Let $A, B$ be the C*-algebras and $\|\cdot\|_\alpha$ be a C*-norm on $A\odot B$, $\xi$ be a state on $A\otimes_\alpha B$. (Here, $\odot$ denotes the algebraic tensor product and $A\otimes_\alpha B$ denotes the completion of $A\odot B$ with $\|\cdot\|_{\alpha}$).
If $A$ is abelian and $\xi$ is a pure state on $A\otimes_{\alpha} B$, and $(\pi_{\xi}, H_{\xi}, v_{\xi})$ is the GNS triplet, can we verify the weak closure of $\pi_{\xi}(A\otimes_{\alpha} B)$ is all of $B(H_{\xi})$?
Certainly not. The condition you want is that the commutant of $A\odot B$ is trivial inside $B(H_\xi)$. The fact that $A$ is a abelian makes this usually impossible (elements of the form $a\otimes 1$ commute with $A$).

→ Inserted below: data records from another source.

(* Let $\mathbf{O}\,\dot\cup\,\mathbf{S}$ be a finite set of categorical variables, $\hat{\mathbf{s}}$ a fixed value of $\mathbf{S}$, and $\mathcal{G}$ a DAG over $\mathbf{O}\cup\mathbf{S}$ in which no node of $\mathbf{S}$ has a child. Let $\mathbf{X}=\mathrm{an}_{\mathcal{G}}(\mathbf{S})$ (so $\mathbf{S}\subseteq\mathbf{X}$), $\mathbf{Y}=\mathbf{O}\setminus\mathbf{X}$, $\mathcal{G}_1=\mathcal{G}_{\mathbf{X}}$ (induced subgraph on $\mathbf{X}$), and $\mathcal{G}_2=\phi_{\mathbf{X}\setminus\mathbf{S}}(\mathcal{G}_{\mathbf{O}})$. Let $P$ be a distribution over $\mathbf{O}$ with $p(\mathbf{x}\setminus\mathbf{s})>0$ for every value $\mathbf{x}\setminus\mathbf{s}$ of $\mathbf{X}\setminus\mathbf{S}$, let $P_1$ be the marginal of $P$ over $\mathbf{X}\setminus\mathbf{S}$, and $P_2$ the conditional distribution of $\mathbf{Y}$ given $\mathbf{X}\setminus\mathbf{S}$ under $P$. Then $$P\in\mathbf{BN}(\mathcal{G})[^{\mathbf{S}=\hat{\mathbf{s}}}\iff P_1\in\mathbf{BN}(\mathcal{G}_1)[^{\mathbf{S}=\hat{\mathbf{s}}}\ \text{ and }\ P_2\in\mathbf{BN}(\mathcal{G}_2).$$
   Context: $\mathrm{an}_{\mathcal{G}}(\mathbf{S})$ is the set of nodes that are equal to or have a directed path to some node of $\mathbf{S}$. A conditional DAG is a DAG over $\mathbf{X}'\,\dot\cup\,\mathbf{Y}'$ in which all nodes of $\mathbf{Y}'$ (fixed nodes) have no parents; nodes of $\mathbf{X}'$ are random nodes. Fixing: for a DAG $\mathcal{H}$ over $\mathbf{V}$ and $\mathbf{A}\subseteq\mathbf{V}$, $\phi_{\mathbf{A}}(\mathcal{H})$ is the conditional DAG with random nodes $\mathbf{V}\setminus\mathbf{A}$, fixed nodes $\mathbf{A}$, the edges of $\mathcal{H}$ between nodes of $\mathbf{V}\setminus\mathbf{A}$, and the edges of $\mathcal{H}$ from nodes of $\mathbf{A}$ into nodes of $\mathbf{V}\setminus\mathbf{A}$. For a (conditional) DAG $\mathcal{H}$ with random nodes $\mathbf{X}'$ and fixed nodes $\mathbf{Y}'$, $\mathbf{BN}(\mathcal{H})$ is the set of conditional distributions of $\mathbf{X}'$ given $\mathbf{Y}'$ such that each random node is conditionally independent of the random nodes that are neither its descendants nor parents, given its parents (equivalently $p(\mathbf{x}'\mid\mathbf{y}')=\prod_{X\in\mathbf{X}'}p(x\mid\mathrm{pa}_{\mathcal{H}}(X))$); for an ordinary DAG, $\mathbf{Y}'=\emptyset$. For a model $\mathbf{M}$ over $\mathbf{A}\cup\mathbf{S}$, $\mathbf{M}[^{\mathbf{S}=\hat{\mathbf{s}}}$ is the set of distributions $Q$ over $\mathbf{A}$ such that there is $P\in\mathbf{M}$ with $p(\hat{\mathbf{s}})>0$ and $q(\mathbf{a})=p(\mathbf{a}\mid\hat{\mathbf{s}})$. *)

From HB Require Import structures.
From mathcomp Require Import all_boot all_order all_algebra.
Set Implicit Arguments. Unset Strict Implicit. Unset Printing Implicit Defensive.
Import Order.TTheory GRing.Theory Num.Theory.
Local Open Scope ring_scope.

Section Defs.
Variables (V : finType) (D : V -> finType) (R : realFieldType).

(* A partial assignment: each variable v gets either a value in D v or None.
   An assignment of a set of variables A is a partial assignment whose
   domain is exactly A. *)
Definition pasg := {dffun forall v : V, option (D v)}.

Definition dom (x : pasg) : {set V} := [set v | x v != None].

Definition restr (A : {set V}) (x : pasg) : pasg :=
  @finfun V (fun v => option (D v)) (fun v => if v \in A then x v else None).

(* union of two assignments (left-biased; used for disjoint domains) *)
Definition merge (x y : pasg) : pasg :=
  @finfun V (fun v => option (D v))
    (fun v => if x v is Some a then Some a else y v).

Definition is_dist (A : {set V}) (p : pasg -> R) : Prop :=
  [/\ forall x, 0 <= p x,
      forall x, dom x != A -> p x = 0
    & \sum_x p x = 1].

Definition marg (A : {set V}) (p : pasg -> R) (a : pasg) : R :=
  \sum_(x | restr A x == a) p x.

(* conditional distribution of (B minus A) given A under p *)
Definition condd (B A : {set V}) (p : pasg -> R) (z : pasg) : R :=
  if dom z == B then p z / marg A p (restr A z) else 0.

Record cdag := CDag { rnodes : {set V}; fnodes : {set V}; cedge : rel V }.

Definition acyclic (E : rel V) : Prop := forall u v, E u v -> ~~ connect E v u.

(* ancestors (including the nodes themselves) *)
Definition an (E : rel V) (A : {set V}) : {set V} :=
  [set v | [exists u in A, connect E v u]].

Definition pa (H : cdag) (v : V) : {set V} := [set u | cedge H u v].

Definition dag_on (N : {set V}) (E : rel V) : cdag := CDag N set0 E.

Definition induced (W : {set V}) (E : rel V) : cdag :=
  CDag W set0 [rel u v | [&& E u v, u \in W & v \in W]].

Definition fixing (A : {set V}) (H : cdag) : cdag :=
  CDag (rnodes H :\: A) A
       [rel u v | [&& cedge H u v, u \in rnodes H & v \in rnodes H :\: A]].

(* BN(H): conditional distributions q of the random nodes given the fixed
   nodes (q is a function on assignments of rnodes :|: fnodes, zero elsewhere)
   factorizing as a product of conditional probability tables, one per random
   node, given its parents. *)
Definition BN (H : cdag) (q : pasg -> R) : Prop :=
  exists k : V -> pasg -> R,
  [/\ forall v x, 0 <= k v x,
      forall v z, dom z = pa H v ->
        \sum_(x | dom x == [set v]) k v (merge x z) = 1,
      forall z, dom z != rnodes H :|: fnodes H -> q z = 0
    & forall z, dom z = rnodes H :|: fnodes H ->
        q z = \prod_(v in rnodes H) k v (restr (v |: pa H v) z)].

(* M[^{S = s}: distributions Q over A obtained by conditioning some P in M
   (a model over A :|: S) on S = s, with p(s) > 0 *)
Definition condition (M : (pasg -> R) -> Prop) (A S : {set V}) (s : pasg)
    (Q : pasg -> R) : Prop :=
  exists P, [/\ M P, 0 < marg S P s &
    forall a, Q a = if dom a == A then P (merge a s) / marg S P s else 0].

End Defs.

From Pilot Require Import Defs.
From HB Require Import structures.
From mathcomp Require Import all_boot all_order all_algebra.
Import Order.TTheory GRing.Theory Num.Theory.
Local Open Scope ring_scope.
Set Implicit Arguments.
Unset Strict Implicit.
Unset Printing Implicit Defensive.

(* Write a model of BN(G) as a product of conditional probability tables,
   one per node.  As X = an(S) is closed under parents and the nodes of S have
   no children, the tables of the nodes of X only read X, and those of the
   nodes of Y = O \ X only read O.  So the product splits into an X-part and
   a Y-part, and the Y-part sums to 1 over Y (sum out a sink of Y, then
   induct).  Conditioning on S = s, P1 is then the conditioned X-part and P2
   is exactly the Y-part; conversely, gluing the tables of a G1-model and of
   P2 gives a G-model whose conditioning on S = s is P. *)

(* The [merge] of partial assignments, not the merge of sorted lists. *)
Local Notation merge := Defs.merge.

Lemma disjoint_setD (T : finType) (A B : {set T}) : [disjoint A :\: B & B].
Proof. by have /subsetDP[] := subxx (A :\: B). Qed.

Lemma setDUK (T : finType) (A B : {set T}) : B \subset A -> A :\: B :|: B = A.
Proof. by move=> BA; rewrite setUC -{2}(setID A B) (setIidPr BA). Qed.

Section Assignments.
Variables (V : finType) (D : V -> finType).
Local Notation T := (pasg D).
Implicit Types (A B : {set V}) (x y z : T).

Lemma domE x v : (v \in dom x) = (x v != None).
Proof. by rewrite inE. Qed.

Lemma restrE A x v : restr A x v = if v \in A then x v else None.
Proof. by rewrite ffunE. Qed.

Lemma mergeE x y v : merge x y v = if x v is Some a then Some a else y v.
Proof. by rewrite ffunE. Qed.

Lemma notin_dom x v : v \notin dom x -> x v = None.
Proof. by rewrite domE negbK => /eqP. Qed.

Lemma dom_restr A x : dom (restr A x) = A :&: dom x.
Proof. by apply/setP => v; rewrite !inE restrE; case: (v \in A). Qed.

Lemma dom_merge x y : dom (merge x y) = dom x :|: dom y.
Proof. by apply/setP => v; rewrite !inE mergeE; case: (x v). Qed.

Lemma mergeA x y z : merge x (merge y z) = merge (merge x y) z.
Proof. by apply/ffunP => v; rewrite !mergeE; case: (x v). Qed.

Lemma mergeC x y : [disjoint dom x & dom y] -> merge x y = merge y x.
Proof.
move=> xy; apply/ffunP => v; rewrite !mergeE.
case: (boolP (v \in dom x)) => [/(disjointFr xy)/negbT/notin_dom -> | ].
  by case: (x v).
by move/notin_dom ->; case: (y v).
Qed.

For instace you could take $A=\mathbb C\oplus \mathbb C$, $B=\mathbb C$. Then $A\odot B=A$, and $A$, being abelian, can only be irreducible if $H_\xi$ is one-dimensional. If we take $\xi(a,b)=(a+b)/2$, which is faithful, $H_\xi$ will have dimension $2$ and $A$ will not be irreducible.